# Role of clonal expansion in HIV-1 persistence

> **NIH NIH R01** · YALE UNIVERSITY · 2022 · $444,620

## Abstract

Project summary
Despite effective antiretroviral therapy (ART), HIV-1 persists in memory CD4+ T cells as the major barrier to cure.
It was recently proposed that HIV-1 can drive the aberrant proliferation of the infected cells through integration
into cancer-related genes. The clonally expanding latent reservoir, if present, hampers HIV-1 eradication efforts
and should be targeted specifically. However, it remains unclear whether HIV-1 proviruses integrated into
cancer-related genes are intact or defective, and how HIV-1 may drive the clonal expansion through integration
into cancer-related genes. Several challenges prevent the study of HIV-1 persistence. First, the rarity of HIV-1
infected cells and the lack of reliable markers which can distinguish cells containing inducible HIV-1 (~1-10 per
million resting CD4+ T cells) from cells containing defective HIV-1 (~100-1000 per million resting CD4+ T cells)
and uninfected cells makes HIV-1-specific analysis difficult. Second, transcriptome analysis of bulk CD4+ T cells
from HIV-1-infected individuals captures mostly the transcriptome of HIV-1 uninfected cells.
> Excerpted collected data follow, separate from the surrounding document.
(* Fix $d\in\mathbb N$ and $k\le d$, and let $S_\star\subseteq[d]$ with $|S_\star|=k$ be unknown. Suppose samples $\{(x^{(i)},\tilde z^{(i)})\}_{i=1}^m$ are generated under propagating noise with level $\eta\in[0,1/2)$, where the orderings $\pi^{(1)},\dots,\pi^{(m)}$ may be chosen adversarially based on $(x^{(1)},\dots,x^{(m)})$. Then there is a universal constant $C>0$ such that for every $\delta\in(0,1)$, if $m\ge C\cdot\frac{k}{(1-2\eta)^2}\log\frac d\delta$, the output $\hat S$ of the Support Recovery Algorithm satisfies $\Pr[\hat S=S_\star]\ge1-\delta$.
   Context: Data model: $x^{(1)},\dots,x^{(m)}$ are i.i.d. uniform on $\{0,1\}^d$. For each $i$, a bijection $\pi^{(i)}:[k]\to S_\star$ (an ordering of $S_\star$) is chosen (possibly adversarially as a function of all the inputs). With $\xi^{(i)}_1,\dots,\xi^{(i)}_k$ i.i.d. $\mathrm{Bern}(\eta)$, independent of everything else, the observed chain is $\tilde z^{(i)}=(\tilde z^{(i)}_1,\dots,\tilde z^{(i)}_k)$ with $\tilde z^{(i)}_0=0$ and $\tilde z^{(i)}_t=\tilde z^{(i)}_{t-1}\oplus x^{(i)}_{\pi^{(i)}(t)}\oplus\xi^{(i)}_t$ for $t=1,\dots,k$ (equivalently $\tilde z^{(i)}_t=\bigoplus_{s\le t}x^{(i)}_{\pi^{(i)}(s)}\oplus\bigoplus_{s\le t}\xi^{(i)}_s$). Support Recovery Algorithm: with $\tilde z^{(i)}_0=0$, set $\tilde\delta^{(i)}_t=1-2(\tilde z^{(i)}_t\oplus\tilde z^{(i)}_{t-1})$ and $\tilde s^{(i)}=\sum_{t=1}^k\tilde\delta^{(i)}_t$; for each $j\in[d]$ compute $\mathrm{score}(j)=\frac1m\sum_{i=1}^m(1-2x^{(i)}_j)\tilde s^{(i)}$; output $\hat S$ as the $k$ indices with largest score. *)

From HB Require Import structures.
From mathcomp Require Import all_boot all_order all_algebra.
From mathcomp Require Import reals exp Rstruct.
Set Implicit Arguments. Unset Strict Implicit. Unset Printing Implicit Defensive.
Import Order.TTheory GRing.Theory Num.Theory.
Local Open Scope ring_scope.

Notation RR := Rdefinitions.R.

Definition inputs (m d : nat) := {ffun 'I_m -> {ffun 'I_d -> bool}}.
(* noise bits xi i t = xi^{(i)}_{t+1} *)
Definition noises (m k : nat) := {ffun 'I_m -> {ffun 'I_k -> bool}}.

(* Adversarial orderings: for every input vector x and sample i,
   ord x i : 'I_k -> 'I_d (ord x i t = pi^{(i)}(t+1)). *)
Definition orderings (m d k : nat) := inputs m d -> 'I_m -> 'I_k -> 'I_d.

Definition valid_orderings (m d k : nat) (Sstar : {set 'I_d})
  (pi : orderings m d k) : Prop :=
  forall (x : inputs m d) (i : 'I_m),
    injective (pi x i) /\ (forall t, pi x i t \in Sstar) /\
    (forall j, j \in Sstar -> exists t, pi x i t = j).

(* observed chain: ztilde n = z~^{(i)}_n for n = 0..k,
   z~_n = XOR_{s <= n} (x_{pi(s)} xor xi_s), z~_0 = 0 *)
Definition ztilde (m d k : nat) (pi : orderings m d k) (x : inputs m d)
  (xi : noises m k) (i : 'I_m) (n : nat) : bool :=
  \big[addb/false]_(s < k | (s < n)%N) (x i (pi x i s) (+) xi i s).

(* delta~_t = 1 - 2 (z~_t xor z~_{t-1}), for t = 1..k (here t : 'I_k means t+1) *)
Definition deltat (m d k : nat) (pi : orderings m d k) (x : inputs m d)
  (xi : noises m k) (i : 'I_m) (t : 'I_k) : RR :=
  1 - 2 * ((ztilde pi x xi i t.+1 (+) ztilde pi x xi i t : bool) : nat)%:R.

Definition stilde (m d k : nat) (pi : orderings m d k) (x : inputs m d)
  (xi : noises m k) (i : 'I_m) : RR :=
  \sum_(t < k) deltat pi x xi i t.

Definition score (m d k : nat) (pi : orderings m d k) (x : inputs m d)
  (xi : noises m k) (j : 'I_d) : RR :=
  (m%:R)^-1 * \sum_(i < m) (1 - 2 * ((x i j : nat)%:R)) * stilde pi x xi i.

(* "S_hat = S_star": every admissible output of the algorithm (any set of
   k indices with the largest scores, under any tie-breaking) equals S_star. *)
Definition recovers (m d k : nat) (Sstar : {set 'I_d}) (pi : orderings m d k)
  (x : inputs m d) (xi : noises m k) : bool :=
  [forall T : {set 'I_d},
     ((#|T| == k) &&
      [forall j in T, forall j' in ~: T, score pi x xi j' <= score pi x xi j])
     ==> (T == Sstar)].

Definition bern (eta : RR) (b : bool) : RR := if b then eta else 1 - eta.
Third, methods
studying HIV-1 integration sites disrupt the HIV-1 genome, while methods studying HIV-1 full-length sequences
and replication competence exclude HIV-1 integration sites from amplification. To this end, we developed the
innovative, cutting-edge HIV-1 RNA SortSeq which identifies cells containing inducible HIV-1 for single
cell RNAseq analysis and the integration site of inducible HIV-1. From blood samples obtained from virally
suppressed individuals, we identified HIV-1-host chimeric RNA which depicts inducible HIV-1 RNA and
HIV-1 integration sites at the same time. Further, we identified three patterns of HIV-1-host interactions: 1)
read-through transcription, 2) host RNA splicing into HIV-1 RNA, creating novel transcription variants encoding
a host-HIV-1 fusion protein, and 3) HIV-1 RNA splicing into host RNA, indicating HIV-1 driven host (cancer-
related) gene expression. We hypothesize that HIV-1 which are integrated into cancer-related genes may
drive the proliferation of the infected cells and promote HIV-1 persistence through HIV-1-host RNA
interactions. Our goal is to examine whether HIV-1 integration into cancer-related genes causes clonal
expansion (Aim 1) and to identify the mechanisms of HIV-1-driven proliferation (Aim 2). In Aim 1, we will obtain
blood samples from virally suppressed individuals at different time points to determine whether inducible HIV-1
which are integrated into cancer-related genes undergo clonal expansion using HIV-1 RNASortSeq. We will
determine whether HIV-1 integration into cancer-related gene changes the host cell transcriptome at the single
cell level. We will examine the contribution of T cell activation, antigen-driven proliferation and homeostatic
proliferation in HIV-1 clonal expansion. In Aim 2, we will use our established cell line model to examine HIV-1-
host RNA interactions and clo...

## Key facts

- **NIH application ID:** 10458573
- **Project number:** 5R01AI141009-05
- **Recipient organization:** YALE UNIVERSITY
- **Principal Investigator:** Ya-Chi Ho
- **Activity code:** R01 (R01, R21, SBIR, etc.)
- **Funding institute:** NIH
- **Fiscal year:** 2022
- **Award amount:** $444,620
- **Award type:** 5
- **Project period:** 2018-08-17 → 2024-06-30

## Primary source

NIH RePORTER: https://reporter.nih.gov/project-details/10458573

## Citation

> US National Institutes of Health, RePORTER application 10458573, Role of clonal expansion in HIV-1 persistence (5R01AI141009-05). Retrieved via AI Analytics 2026-05-23 from https://api.ai-analytics.org/grant/nih/10458573. Licensed CC0.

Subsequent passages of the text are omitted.